Dans la nuit du 8 au 9 novembre, l’Assemblée nationale a voté l’amendement du budget instaurant une taxe sur le vapotage, avant de le modérer. De nombreux observateurs estiment donc avoir bien fait. Grosse erreur.
La fin des impôts
Ce sont deux votes à l’Assemblée nationale, à deux heures du matin, devant 138 députés, qui ont décidé de l’avenir de la vape française. Le premier, un amendement proposé par Charles de Courson, posait le principe d’une taxe sur le vapotage, à 15 centimes le millilitre. La seconde, signée Christine Loir, a abaissé le montant à 5 centimes le millilitre.
Mais la taxe n’entraînera pas seulement une augmentation du prix de la bouteille.
Jusqu’à présent, le vapotage relevait du ministère de la Santé. Mais la mise en place d’un droit d’accise place la vape sous le contrôle des services des douanes, qui dépendent à leur tour de Bercy, du ministère de l’Économie et du Budget, lui faisant simplement changer son code. Du code de la santé, la législation sur le vapotage entre désormais dans le code des impôts.
Bercy est un petit État dans l’État, et c’est là que les lobbys du tabac, de la pharmacie et des buralistes trouvent les oreilles les plus attentives. Dans une logique strictement économique, l’oreille est plus attentive à ceux qui rapportent le plus d’argent. Autant dire que, pour prolonger la métaphore, le vapotage ne sera pas traité comme les acouphènes.
Par ailleurs, le vapotage, en tant que produit spécifiquement taxé, n’entre plus dans cette catégorie « consommation actuelle ». Sans entrer encore dans la catégorie du tabac, il devient, en fait, un produit aux caractéristiques spécifiques, à base de nicotine, soumis à accises.
Il devient dès lors impossible à tout organisme officiel d’en faire la promotion dans le cadre du sevrage tabagique. À moins d’avoir un ministre de la Santé extrêmement motivé et activiste, qui reçoive la bénédiction d’un Premier ministre et d’un président tout aussi motivés et activistes, une fois taxé, le vapotage comme moyen de sevrage tabagique disparaîtra des rapports officiels.
Enfin, une taxe d’accise fournit un argument aux opposants au vapotage : « c’est taxé comme le tabac, donc c’est pareil ». En vertu du principe de Brandolini selon lequel corriger une fausse information demande infiniment plus de temps et d’énergie que de la dire, et compte tenu de la désinformation du grand public, toute tentative de créer une image positive de la vape s’arrête là.
Historiquement, un impôt n’est jamais voué à disparaître, mais seulement à augmenter. Même les impôts temporaires deviennent souvent permanents.

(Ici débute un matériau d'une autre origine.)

Lemma integral2_prod : integral2 G = (\int[leb \x leb]_p G p.1 p.2)%E.
Proof.
by rewrite (fubini_tonelli1 (m1 := leb) (m2 := leb) _ mG (fun p => G0 p.1 p.2)).
Qed.

Lemma integral2_scale (k : R) : 0 <= k ->
  integral2 (fun x y => k%:E * G x y)%E = (k%:E * integral2 G)%E.
Proof.
move=> k0; rewrite /integral2 -ge0_integralZl //; last first.
- by move=> x _; exact: integral_ge0.
- exact: measurable_fun_integral2_inner.
apply: eq_integral => x _; rewrite ge0_integralZl //.
by apply: (measurable_fun_comp2 mG) => //; exact: measurable_cst.
Qed.

End nonneg_integral2.

Lemma integral2_add G1 G2 :
  measurable_fun setT (fun p : R * R => G1 p.1 p.2) -> (forall x y, (0 <= G1 x y)%E) ->
  measurable_fun setT (fun p : R * R => G2 p.1 p.2) -> (forall x y, (0 <= G2 x y)%E) ->
  integral2 (fun x y => G1 x y + G2 x y)%E = (integral2 G1 + integral2 G2)%E.
Proof.
move=> mG1 G10 mG2 G20.
rewrite !integral2_prod //; last by move=> x y; rewrite adde_ge0.
  exact: ge0_integralD.
exact: emeasurable_funD.
Qed.

Lemma integral2_sum (I : finType) (G : I -> R -> R -> \bar R) :
  (forall k, measurable_fun setT (fun p : R * R => G k p.1 p.2)) ->
  (forall k x y, (0 <= G k x y)%E) ->
  integral2 (fun x y => (\sum_k G k x y)%E) = (\sum_k integral2 (G k))%E.
Proof.
move=> mG G0; rewrite integral2_prod; last 2 first.
- by apply: emeasurable_sum => k; exact: mG.
- by move=> x y; apply: sume_ge0 => k _; exact: G0.
transitivity (\sum_k \int[leb \x leb]_p G k p.1 p.2)%E.
  by apply: ge0_integral_sum.
by apply: eq_bigr => k _; rewrite integral2_prod.
Qed.

Lemma integral2_shift_reflect (G : R -> R -> \bar R) :
  measurable_fun setT (fun p : R * R => G p.1 p.2) -> (forall x y, (0 <= G x y)%E) ->
  integral2 G = integral2 (fun x w => G (1 - w) (x + (1 - w))).
Proof.
move=> mG G0.
have mGs : measurable_fun setT (fun p : R * R => G p.1 (p.2 + p.1)).
  by apply: (measurable_fun_comp2 mG) => //; exact: measurable_funD.
transitivity (\int[leb]_u \int[leb]_x G u (x + u)%R)%E.
  apply: eq_integral => u _; apply/esym/ge0_integral_shift => //.
  by apply: (measurable_fun_comp2 mG) => //; exact: measurable_cst.
rewrite -(ge0_integral_reflect 1); first last.
- by move=> u; exact: integral_ge0.
- exact: (measurable_fun_integral2_inner mGs (fun _ _ => G0 _ _)).
rewrite -[LHS]/(integral2 (fun w x => G (1 - w) (x + (1 - w)))) integral2_swap //.
apply: (measurable_fun_comp2 mG); first exact: measurable_funB.
by apply: measurable_funD => //; exact: measurable_funB.
Qed.

Lemma integral2_reflect_reflect (G : R -> R -> \bar R) :
  measurable_fun setT (fun p : R * R => G p.1 p.2) -> (forall x y, (0 <= G x y)%E) ->
  integral2 G = integral2 (fun x w => G (1 - w) (1 - x)).
Proof.
move=> mG G0.
have mGr : measurable_fun setT (fun p : R * R => G p.1 (1 - p.2)).
  by apply: (measurable_fun_comp2 mG) => //; exact: measurable_funB.
transitivity (\int[leb]_u \int[leb]_x G u (1 - x)%R)%E.
  apply: eq_integral => u _; apply/esym/ge0_integral_reflect => //.
  by apply: (measurable_fun_comp2 mG) => //; exact: measurable_cst.
rewrite -(ge0_integral_reflect 1); first last.
- by move=> u; exact: integral_ge0.
- exact: (measurable_fun_integral2_inner mGr (fun _ _ => G0 _ _)).
rewrite -[LHS]/(integral2 (fun w x => G (1 - w) (1 - x))) integral2_swap //.
by apply: (measurable_fun_comp2 mG); exact: measurable_funB.
Qed.

Definition ordered01 (x y : R) : bool := [&& 0 < x, x < y & y < 1].

Definition on_simplex (G : R -> R -> \bar R) (x y : R) : \bar R :=
  if ordered01 x y then G x y else 0%E.

Lemma ordered01_itv x y : ordered01 x y -> 0 < x < 1 /\ 0 < y < 1.
Proof. by case/and3P=> x0 xy y1; split; apply/andP; split; lra. Qed.

Lemma ordered01_shift_reflect x w : ordered01 (1 - w) (x + (1 - w)) = ordered01 x w.
Proof. by apply/and3P/and3P => -[? ? ?]; split; lra. Qed.

Lemma ordered01_reflect_reflect x w : ordered01 (1 - w) (1 - x) = ordered01 x w.
Proof. by apply/and3P/and3P => -[? ? ?]; split; lra. Qed.

Lemma measurable_ordered01 : measurable_fun setT (fun p : R * R => ordered01 p.1 p.2).
Proof.
apply: measurable_and; first by apply: measurable_fun_ltr => //; exact: measurable_cst.
apply: measurable_and; first exact: measurable_fun_ltr.
by apply: measurable_fun_ltr => //; exact: measurable_cst.
Qed.

Lemma measurable_on_simplex G :
  measurable_fun setT (fun p : R * R => G p.1 p.2) ->
  measurable_fun setT (fun p : R * R => on_simplex G p.1 p.2).
Proof. by move=> mG; apply: measurable_fun_ifT => //; exact: measurable_ordered01. Qed.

Un vapoteur qui se contenterait que la redevance ne soit finalement « que » de cinq centimes se retrouve dans la situation d’un lapin pris pour cible par un chasseur content que ce dernier ait déjà tiré, il ne recevra donc qu’une seule balle.
Espoir?
Si la taxe a été approuvée, il reste encore de l’espoir : elle ira au Sénat, qui rejettera les amendements, avant de revenir à l’Assemblée nationale. Avec un peu de chance, nous devrons voter à nouveau et cette fois les députés de l’opposition de gauche et du centre seront présents.

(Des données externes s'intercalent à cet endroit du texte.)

(* Let $n\ge 4$ and let $f:\{0,1\}^n\to\{0,1\}$ be fully sensitive at $0$, and let $p$ be its symmetrization polynomial. Then \[ \sup_{x\in[0,n]} |p'''(x)| \geq 1 - p(3). \]
   Context: $f$ is fully sensitive at $0$ if $f(0^n)=0$ and $f(e_i)=1$ for every $i=1,\dots,n$, where $e_i$ is the $i$-th unit vector. Let $q$ be the unique multilinear real polynomial agreeing with $f$ on $\{0,1\}^n$, of degree $d(f)$. The symmetrization polynomial of $f$ is the univariate real polynomial $p$ of degree at most $d(f)$ such that $p(x_1+\dots+x_n) = \frac{1}{n!}\sum_{\pi\in S_n} q(\pi(x))$ for all $x\in\{0,1\}^n$, where $\pi(x)$ permutes the coordinates of $x$; equivalently, for $k=0,\dots,n$, $p(k)$ is the fraction of inputs of Hamming weight $k$ on which $f$ equals $1$ (such $p$ exists and is unique). *)

From mathcomp Require Import all_boot all_order all_algebra.
Set Implicit Arguments. Unset Strict Implicit. Unset Printing Implicit Defensive.
Import Order.TTheory GRing.Theory Num.Theory.

Definition hweight (n : nat) (x : {ffun 'I_n -> bool}) : nat := #|[set i | x i]|.

Definition zero_pt (n : nat) : {ffun 'I_n -> bool} := [ffun _ => false].
Definition unit_pt (n : nat) (i : 'I_n) : {ffun 'I_n -> bool} := [ffun j => j == i].

Definition fully_sensitive_at0 (n : nat) (f : {ffun 'I_n -> bool} -> bool) : Prop :=
  f (zero_pt n) = false /\ forall i : 'I_n, f (unit_pt i) = true.

Definition frac_ones (R : fieldType) (n : nat) (f : {ffun 'I_n -> bool} -> bool) (k : nat) : R :=
  (#|[set x | (hweight (x : {ffun 'I_n -> bool}) == k) && f x]|%:R / #|[set x | hweight (x : {ffun 'I_n -> bool}) == k]|%:R)%R.

(* p is the symmetrization polynomial of f: a real polynomial of degree at most n
   (d(f) <= n, and interpolation on 0..n by degree <= n is unique) with
   p(k) = frac_ones f k for k = 0..n. *)
Definition symmetrization_poly (R : fieldType) (n : nat) (f : {ffun 'I_n -> bool} -> bool)
  (p : {poly R}) : Prop :=
  (size p <= n.+1)%N /\ forall k : nat, (k <= n)%N -> (p.[k%:R] = frac_ones R f k)%R.

From mathcomp Require Import all_boot all_order all_algebra.
From mathcomp Require Import all_classical all_reals.
From mathcomp Require Import polyrcf ring lra.
Set Implicit Arguments. Unset Strict Implicit. Unset Printing Implicit Defensive.
Import Order.TTheory GRing.Theory Num.Theory.
Local Open Scope ring_scope.

(* Write D for the forward difference Dq(x) = q(x+1) - q(x).  Iterating the
   mean value theorem, D^3 p(m) = p'''(c) for some c in [m, m+3], so both
   D^3 p(0) and D^3 p(1) are at most the supremum s of |p'''| on [0, n] when
   n >= 4.  Full sensitivity at 0 gives p(0) = 0 and p(1) = 1, and p(4) >= 0
   as a fraction, hence
     2s >= D^3 p(0) + D^3 p(1) = p(4) - 2 p(3) + 2 p(1) - p(0) >= 2 (1 - p(3)). *)

Section ForwardDifference.
Context {R : rcfType}.
Implicit Types (q : {poly R}) (a : R).

Definition fdiff q : {poly R} := q \Po ('X + 1) - q.

Lemma horner_fdiff q a : (fdiff q).[a] = q.[a + 1] - q.[a].
Proof. by rewrite /fdiff hornerD hornerN horner_comp !hornerE. Qed.

Lemma deriv_fdiff q : (fdiff q)^`() = fdiff q^`().
Proof. by rewrite /fdiff derivB deriv_comp derivD derivX derivC addr0 mulr1. Qed.

Lemma derivn_fdiff k q : (fdiff q)^`(k) = fdiff q^`(k).
Proof. by elim: k => [//|k IHk]; rewrite !derivnS IHk deriv_fdiff. Qed.

Lemma iter_fdiff_mvt k q a :
  exists2 c, a <= c <= a + k%:R & (iter k fdiff q).[a] = (q^`(k)).[c].
Proof.
elim: k q a => [|k IHk] q a; first by exists a; rewrite ?addr0 ?lexx.
rewrite iterSr; have [b /andP[ab bk] ->] := IHk (fdiff q) a.
have b_lt : b < b + 1 by rewrite ltrDl.
rewrite derivn_fdiff horner_fdiff; have [c /andP[bc cb] ->] := poly_mvt (q^`(k)) b_lt.
exists c; last by rewrite derivnS addrAC subrr add0r mulr1.
by rewrite (le_trans ab (ltW bc)) (le_trans (ltW cb)) // -natr1 addrA lerD2r.
Qed.

Lemma horner_iter3_fdiff q (m : nat) : (iter 3 fdiff q).[m%:R] =
  q.[m.+3%:R] - 3 * q.[m.+2%:R] + 3 * q.[m.+1%:R] - q.[m%:R].
Proof. rewrite /= !horner_fdiff !natr1; ring. Qed.

End ForwardDifference.

Lemma horner_norm_le_sup (R : realType) (q : {poly R}) (a b c : R) :
  a <= c <= b -> `|q.[c]| <= sup [set `|q.[x]| | x in `[a, b]]%classic.
Proof.
move=> c_ab; set S := [set _ | _ in _]%classic.
have c_in : S `|q.[c]| by exists c; rewrite //= in_itv.
have [ub ub_ab] := poly_itv_bound q a b.
have S_ub : has_ubound S.
  by exists ub => _ [x x_ab <-]; apply: ub_ab; rewrite /= in_itv in x_ab.
by apply: sup_upper_bound; first split; first exists `|q.[c]|.
Qed.

Section HammingWeight.
Variable n : nat.
Implicit Types (x : {ffun 'I_n -> bool}) (f : {ffun 'I_n -> bool} -> bool).

Lemma hweight_eq0 x : hweight x = 0%N -> x = zero_pt n.
Proof.
move=> /eqP; rewrite cards_eq0 => /eqP/setP x0.
by apply/ffunP => i; have := x0 i; rewrite !inE ffunE => ->.
Qed.

Lemma hweight_unit_pt (i : 'I_n) : hweight (unit_pt i) = 1%N.
Proof.
rewrite /hweight (_ : [set j | _] = [set i]) ?cards1 //.
by apply/setP => j; rewrite !inE ffunE.
Qed.

Lemma hweight_eq1 x : hweight x = 1%N -> exists i, x = unit_pt i.
Proof.
move=> /eqP/cards1P [i /setP x1]; exists i.
by apply/ffunP => j; have := x1 j; rewrite !inE ffunE => ->.
Qed.

Variable R : numFieldType.

Lemma frac_ones_ge0 f k : 0 <= frac_ones R f k.
Proof. by rewrite divr_ge0 ?ler0n. Qed.

Lemma frac_ones_eq0 f k :
  (forall x, hweight x = k -> f x = false) -> frac_ones R f k = 0.
Proof.
move=> f0; rewrite /frac_ones (_ : #|[set x | _ & _]| = 0%N) ?mul0r //.
by apply: eq_card0 => x; rewrite !inE; case: eqP => // /f0 ->.
Qed.

Lemma frac_ones_eq1 f k x0 : hweight x0 = k ->
  (forall x, hweight x = k -> f x) -> frac_ones R f k = 1.
Proof.
move=> x0k f1; rewrite /frac_ones (_ : [set x | _ & _] = [set x | hweight x == k]).
  by apply: divff; rewrite pnatr_eq0 -lt0n card_gt0; apply/set0Pn; exists x0; rewrite inE x0k.
by apply/setP => x; rewrite !inE; case: eqP => // /f1 ->.
Qed.

End HammingWeight.

Local Open Scope classical_set_scope.

Theorem lemma2 (R : realType) (n : nat) (f : {ffun 'I_n -> bool} -> bool) (p : {poly R}) :
  (4 <= n)%N ->
  fully_sensitive_at0 f ->
  symmetrization_poly f p ->
  1 - p.[3%:R] <= sup [set `|(p^`(3)).[x]| | x in `[0, n%:R]].
Proof.
move=> n_ge4 [f0 f1] [_ p_frac].
have p0 : p.[0%:R] = 0.
  by rewrite p_frac // frac_ones_eq0 // => x /hweight_eq0 ->.
have n_gt0 : (0 < n)%N by apply: leq_trans n_ge4.
have p1 : p.[1%:R] = 1.
  rewrite p_frac // (frac_ones_eq1 _ (hweight_unit_pt (Ordinal n_gt0))) //.
  by move=> x /hweight_eq1 [i ->].
have p4 : 0 <= p.[4%:R] by rewrite p_frac ?frac_ones_ge0.
have diff3_le_sup (m : nat) : (m + 3 <= n)%N ->
    `|(iter 3 fdiff p).[m%:R]| <= sup [set `|(p^`(3)).[x]| | x in `[0, n%:R]].
  move=> m3n; have [c /andP[mc cm] ->] := iter_fdiff_mvt 3 p m%:R.
  apply: horner_norm_le_sup; rewrite (le_trans _ mc) //=.
  by rewrite (le_trans cm) // -natrD ler_nat.
have /ler_normlP[_ diff3_0] := diff3_le_sup 0%N (ltnW n_ge4).
have /ler_normlP[_ diff3_1] := diff3_le_sup 1%N n_ge4.
rewrite !horner_iter3_fdiff p0 p1 in diff3_0 diff3_1.
lra.
Qed.
Lemma numrad_adj (T : X -> X) (U : Xd -> Xd) : bdo T ->
  (forall g, Dd g -> U g = adj T g) -> numrad Dd Nd U = numrad setT NX T.
Proof.
move=> hT e; rewrite (@numrad_ext _ _ Dd Nd _ _ e) /numrad; congr supK.
apply/seteqP; split => _ [p Pp <-].
  have [x [Px hx]] := Pi_dual_ev reflX Pp.
  exists (x, p.1) => //=; rewrite hx //; apply: adj_dual_set => //; by case: Pp.
by exists (p.2, ev p.1); [apply: Pi_ev; case: p Pp | ].
Qed.

(** a functional on X given pointwise by reflexivity: the preadjoint of a
    bounded operator U on X^* at the point x *)
Lemma preadj_point (U : Xd -> Xd) (C : K) : (forall g, Dd g -> Dd (U g)) ->
  (forall a u v, Dd u -> Dd v -> U (a *: u + v) = a *: U u + U v) ->
  (forall g, Dd g -> Nd (U g) <= C * Nd g) ->
  forall x, exists y : X, forall g, Dd g -> U g x = g y.
Proof.
move=> DU linU hC x; apply: reflX; split.
  by move=> a u v Du Dv; rewrite linU.
exists (C * `|x|) => g Dg.
apply: le_trans ((dual_normP (DU _ Dg)).2 x) _.
by rewrite mulrAC; apply: ler_wpM2r => //; exact: hC.
Qed.

Lemma preadj (U : Xd -> Xd) : bd_operator Dd Nd U ->
  exists T, bdo T /\ forall g, Dd g -> U g = adj T g.
Proof.
move=> [DU [linU [C hC]]].
have absC g : Dd g -> Nd (U g) <= `|C| * Nd g.
  move=> Dg; have h := hC g Dg.
  have h0 : 0 <= C * Nd g by apply: le_trans ((dual_normP (DU _ Dg)).1) h.
  by apply: le_trans h _; rewrite -(ger0_norm h0) normrM (ger0_norm (dual_normP Dg).1).
pose T x := xget 0 [set y : X | forall g, Dd g -> U g x = g y].
have hT x g : Dd g -> U g x = g (T x).
  by move=> Dg; apply: (xgetPex 0 (preadj_point DU linU absC x)).
exists T; split; last by move=> g Dg; apply/funext => x; rewrite /adj hT.
split => //; split.
  move=> a u v _ _; apply: dual_separates => g Dg.
  by rewrite -hT // (bdf_lin (DU _ Dg)) !hT // (bdf_lin Dg).
exists `|C| => x _.
have [g [Dg [g1 gx]]] := normingX (T x).
rewrite -normr_id -gx -hT //.
apply: le_trans ((dual_normP (DU _ Dg)).2 x) _.
by apply: ler_wpM2r => //; apply: le_trans (absC _ Dg) _; apply: ler_piMr.
Qed.

(** X has the L_{p,p}-nu => X^* has it: pull U back to a preadjoint T *)
Lemma Lpp_nu_dual_of_space : has_Lpp_nu X -> dual_has_Lpp_nu X.
Proof.
move=> hX eps eps0 p Pp.
have [x [Px hx]] := Pi_dual_ev reflX Pp.
have [eta eta0 heta] := hX eps eps0 _ Px.
exists eta => // U bU nU hU.
have [T [bT eT]] := preadj bU.
have nT : numrad setT NX T = 1 by rewrite -(numrad_adj bT eT).
have D1 : Dd p.1 by case: Pp.
have hT : 1 - eta < `|p.1 (T x)|.
  by move: hU; rewrite hx; [rewrite eT | exact: bU.1].
have [S [bS nS hS dS]] := heta T bT nT hT.
exists (adj S); split.
- exact: adj_bd.
- by rewrite (@numrad_adj S (adj S) bS).
- by rewrite hx //; apply: adj_dual_set.
- rewrite (@opnorm_ext _ _ Dd Nd _ (adj (fun v => S v - T v))); last first.
    by move=> g Dg; rewrite eT // adjB.
  by apply: le_lt_trans dS; apply: opnorm_adj_le; exact: bdoB.
Qed.

(** X^* has the L_{p,p}-nu => X has it: push T forward to T^* *)
Lemma Lpp_nu_space_of_dual : dual_has_Lpp_nu X -> has_Lpp_nu X.
Proof.
move=> hd eps eps0 [x f] Pq.
have [eta eta0 heta] := hd eps eps0 _ (Pi_ev Pq).
exists eta => // T bT nT hT.
have nT' : numrad Dd Nd (adj T) = 1 by rewrite (@numrad_adj T (adj T) bT).
have [S' [bS' nS' hS' dS']] := heta _ (adj_bd bT) nT' hT.
have [S [bS eS]] := preadj bS'.
have Df : Dd f by case: Pq => _ [_ [? _]].
exists S; split => //.
- by rewrite -(numrad_adj bS eS).
- by move: hS'; rewrite /= eS.
- apply: le_lt_trans (opnorm_adj_ge (bdoB bS bT)) _.
  rewrite (@opnorm_ext _ _ Dd Nd _ (fun g => S' g - adj T g)) //.
  by move=> g Dg; rewrite eS // adjB.
Qed.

Le gouvernement a également la possibilité d’invoquer l’article 49-3, ou l’article 47, qui lui permet de décréter son budget par ordonnance si le délai de 70 jours pour voter le budget est dépassé. Et comme on l’a vu, le gouvernement est contre la taxe, qui finirait sans doute à la poubelle.
La réponse définitive est le 20 novembre : au-delà de cette date le solde doit être définitif. D’ici là, tout est encore possible.
En attendant, pour ceux qui se disent qu’on a échappé au pire et que 5 centimes, c’est bien : ces cinq centimes, c’est le prix de tout le secteur indépendant, de la santé publique, de 200 morts du tabac par jour, et très probablement de votre travail. Ce qui, il faut le reconnaître, dans le contexte d’inflation que connaît notre pays, est remarquable.